━━━━━ PROVIDED DATA ━━━━━

(* Let $n$ decision-making units (DMUs), indexed by $J=\{1,\dots,n\}$, each use $m$ inputs (indexed by $I$) and produce $s$ outputs (indexed by $R$), with $n\ge 2(m+s)$ and all observed data $x_{ij}>0$, $y_{rj}>0$. Fix $o\in J$. For a goal price $\tau_o>0$, the TVG (primal) program of the PT model is $$\Delta_o^{PT}=\min_{v_o,u_o}\ \sum_{i\in I}v_{io}x_{io}-\sum_{r\in R}u_{ro}y_{ro}$$ subject to $\sum_{i\in I}v_{io}x_{ij}-\sum_{r\in R}u_{ro}y_{rj}\ge 0$ for all $j\in J$, $x_{io}v_{io}\ge\tau_o$ for all $i\in I$, $y_{ro}u_{ro}\ge\tau_o$ for all $r\in R$, with $v_o,u_o$ free. Let $(v_o^\#,u_o^\#)$ be an optimal solution for $\tau_o=1$ (Step I), put $\bar t=1/\sum_{i}v^\#_{io}x_{io}$ and let $(v_o^\star,u_o^\star)=\bar t\,(v_o^\#,u_o^\#)$ be the Step II solution (goal price $\tau_o=\bar t$). Let $\alpha_o^\star=\sum_i v^\star_{io}x_{io}$, $\beta_o^\star=\sum_r u^\star_{ro}y_{ro}$, and define the PT efficiency $E_o^{PT\star}=\beta_o^\star/\alpha_o^\star$ and PT inefficiency $F_o^{PT\star}=1-E_o^{PT\star}=(\alpha_o^\star-\beta_o^\star)/\alpha_o^\star$. Then $0\le E_o^{PT\star}\le 1$ and $0\le F_o^{PT\star}\le 1$.
   Context: The associated TAP (dual) program of the PT model is $\max\sum_{i}Q_{io}\tau_o+\sum_r P_{ro}\tau_o$ subject to $\sum_{j}x_{ij}\pi_{jo}+Q_{io}x_{io}=x_{io}$ ($i\in I$), $-\sum_j y_{rj}\pi_{jo}+P_{ro}y_{ro}=-y_{ro}$ ($r\in R$), $\pi_o,Q_o,P_o\ge 0$. Quantities such as $v_{io}x_{io}$ are called virtual prices (in a virtual currency \$); $\alpha_o^\star$ and $\beta_o^\star$ are the pure virtual input and pure virtual output of the evaluated DMU-$o$. *)

From mathcomp Require Import all_boot all_order all_algebra.
Set Implicit Arguments. Unset Strict Implicit. Unset Printing Implicit Defensive.
Import Order.TTheory GRing.Theory Num.Theory.
Local Open Scope ring_scope.

Section PT.
Variables (R : realFieldType) (m s n : nat).
Variables (x : 'I_m -> 'I_n -> R) (y : 'I_s -> 'I_n -> R) (o : 'I_n).

Definition vinput (v : 'I_m -> R) (j : 'I_n) : R := \sum_(i < m) v i * x i j.
Definition voutput (u : 'I_s -> R) (j : 'I_n) : R := \sum_(r < s) u r * y r j.

Definition TVG_obj (v : 'I_m -> R) (u : 'I_s -> R) : R := vinput v o - voutput u o.

Definition TVG_feasible (tau : R) (v : 'I_m -> R) (u : 'I_s -> R) : Prop :=
  [/\ (forall j : 'I_n, 0 <= vinput v j - voutput u j),
      (forall i : 'I_m, tau <= x i o * v i) &
      (forall r : 'I_s, tau <= y r o * u r)].

Definition TVG_optimal (tau : R) (v : 'I_m -> R) (u : 'I_s -> R) : Prop :=
  TVG_feasible tau v u /\
  forall v' u', TVG_feasible tau v' u' -> TVG_obj v u <= TVG_obj v' u'.

Definition tbar (vs : 'I_m -> R) : R := 1 / vinput vs o.
Definition vstar (vs : 'I_m -> R) : 'I_m -> R := fun i => tbar vs * vs i.
Definition ustar (vs : 'I_m -> R) (us : 'I_s -> R) : 'I_s -> R :=
  fun r => tbar vs * us r.

Definition alpha_star (vs : 'I_m -> R) : R := vinput (vstar vs) o.
Definition beta_star (vs : 'I_m -> R) (us : 'I_s -> R) : R :=
  voutput (ustar vs us) o.

Definition E_PT (vs : 'I_m -> R) (us : 'I_s -> R) : R :=
  beta_star vs us / alpha_star vs.
Definition F_PT (vs : 'I_m -> R) (us : 'I_s -> R) : R := 1 - E_PT vs us.

End PT.

(* The Step II rescaling multiplies alpha# and beta# by the same factor tbar,
   so E_PT equals beta#/alpha#.  Feasibility of the Step I solution at DMU o
   itself gives beta# <= alpha#, and the goal-price constraints make every
   u#_r y_ro, hence beta#, nonnegative. *)
From mathcomp Require Import all_boot all_order all_algebra.
Set Implicit Arguments. Unset Strict Implicit. Unset Printing Implicit Defensive.
Import Order.TTheory GRing.Theory Num.Theory.
Local Open Scope ring_scope.

Lemma divr_ge0_le1 (F : numFieldType) (a b : F) :
  0 <= b <= a -> 0 <= b / a <= 1.
Proof.
case/andP=> b_ge0 le_ba; have a_ge0 := le_trans b_ge0 le_ba.
have [->|a_neq0] := eqVneq a 0; first by rewrite invr0 mulr0 lexx ler01.
have a_gt0 : 0 < a by rewrite lt_def a_neq0 a_ge0.
by rewrite divr_ge0 // ler_pdivrMr // mul1r.
Qed.

Lemma subr_ge0_le1 (F : numDomainType) (e : F) :
  0 <= e <= 1 -> 0 <= 1 - e <= 1.
Proof. by case/andP=> e_ge0 e_le1; rewrite subr_ge0 e_le1 gerBl. Qed.

Section PTEfficiency.
Variables (R : realFieldType) (m s n : nat).
Variables (x : 'I_m -> 'I_n -> R) (y : 'I_s -> 'I_n -> R) (o : 'I_n).

Lemma vinputZ (c : R) (v : 'I_m -> R) (j : 'I_n) :
  vinput x (fun i => c * v i) j = c * vinput x v j.
Proof. by rewrite /vinput mulr_sumr; apply: eq_bigr => i _; rewrite mulrA. Qed.

Lemma voutputZ (c : R) (u : 'I_s -> R) (j : 'I_n) :
  voutput y (fun r => c * u r) j = c * voutput y u j.
Proof. by rewrite /voutput mulr_sumr; apply: eq_bigr => r _; rewrite mulrA. Qed.

Lemma E_PTE (vs : 'I_m -> R) (us : 'I_s -> R) :
  E_PT x y o vs us = voutput y us o / vinput x vs o.
Proof.
rewrite /E_PT /alpha_star /beta_star /vstar /ustar vinputZ voutputZ.
rewrite /tbar div1r; set a := vinput x vs o.
have [->|a_neq0] := eqVneq a 0; first by rewrite invr0 !mul0r !mulr0.
by rewrite mulVf // divr1 mulrC.
Qed.

Lemma TVG_feasible_voutput_ge0 (tau : R) v u :
  0 <= tau -> TVG_feasible x y o tau v u -> 0 <= voutput y u o.
Proof.
move=> tau_ge0 [_ _ u_ge]; apply: sumr_ge0 => r _.
by rewrite mulrC (le_trans tau_ge0 (u_ge r)).
Qed.

Lemma TVG_feasible_voutput_le_vinput (tau : R) v u :
  TVG_feasible x y o tau v u -> voutput y u o <= vinput x v o.
Proof. by case=> dmu_ge0 _ _; rewrite -subr_ge0. Qed.

End PTEfficiency.

Theorem theorem1 (R : realFieldType) (m s n : nat)
    (x : 'I_m -> 'I_n -> R) (y : 'I_s -> 'I_n -> R) (o : 'I_n)
    (hn : (2 * (m + s) <= n)%N)
    (hx : forall i j, 0 < x i j) (hy : forall r j, 0 < y r j)
    (vs : 'I_m -> R) (us : 'I_s -> R)
    (hopt : TVG_optimal x y o 1 vs us) :
  (0 <= E_PT x y o vs us <= 1) /\ (0 <= F_PT x y o vs us <= 1).
Proof.
case: hopt => feas _.
have E_in01 : 0 <= E_PT x y o vs us <= 1.
  rewrite E_PTE; apply: divr_ge0_le1.
  rewrite (TVG_feasible_voutput_ge0 ler01 feas).
  exact: TVG_feasible_voutput_le_vinput feas.
by split; last exact: subr_ge0_le1.
Qed.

━━━━━

» **EXERCISE GOAL**
Return exactly, and only, the lines above starting at the line that contains "so E_PT equals" and ending at the line that contains "voutput y (fun".

» **REPLY**
   so E_PT equals beta#/alpha#.  Feasibility of the Step I solution at DMU o
   itself gives beta# <= alpha#, and the goal-price constraints make every
   u#_r y_ro, hence beta#, nonnegative. *)
From mathcomp Require Import all_boot all_order all_algebra.
Set Implicit Arguments. Unset Strict Implicit. Unset Printing Implicit Defensive.
Import Order.TTheory GRing.Theory Num.Theory.
Local Open Scope ring_scope.

Lemma divr_ge0_le1 (F : numFieldType) (a b : F) :
  0 <= b <= a -> 0 <= b / a <= 1.
Proof.
case/andP=> b_ge0 le_ba; have a_ge0 := le_trans b_ge0 le_ba.
have [->|a_neq0] := eqVneq a 0; first by rewrite invr0 mulr0 lexx ler01.
have a_gt0 : 0 < a by rewrite lt_def a_neq0 a_ge0.
by rewrite divr_ge0 // ler_pdivrMr // mul1r.
Qed.

Lemma subr_ge0_le1 (F : numDomainType) (e : F) :
  0 <= e <= 1 -> 0 <= 1 - e <= 1.
Proof. by case/andP=> e_ge0 e_le1; rewrite subr_ge0 e_le1 gerBl. Qed.

Section PTEfficiency.
Variables (R : realFieldType) (m s n : nat).
Variables (x : 'I_m -> 'I_n -> R) (y : 'I_s -> 'I_n -> R) (o : 'I_n).

Lemma vinputZ (c : R) (v : 'I_m -> R) (j : 'I_n) :
  vinput x (fun i => c * v i) j = c * vinput x v j.
Proof. by rewrite /vinput mulr_sumr; apply: eq_bigr => i _; rewrite mulrA. Qed.

Lemma voutputZ (c : R) (u : 'I_s -> R) (j : 'I_n) :
  voutput y (fun r => c * u r) j = c * voutput y u j.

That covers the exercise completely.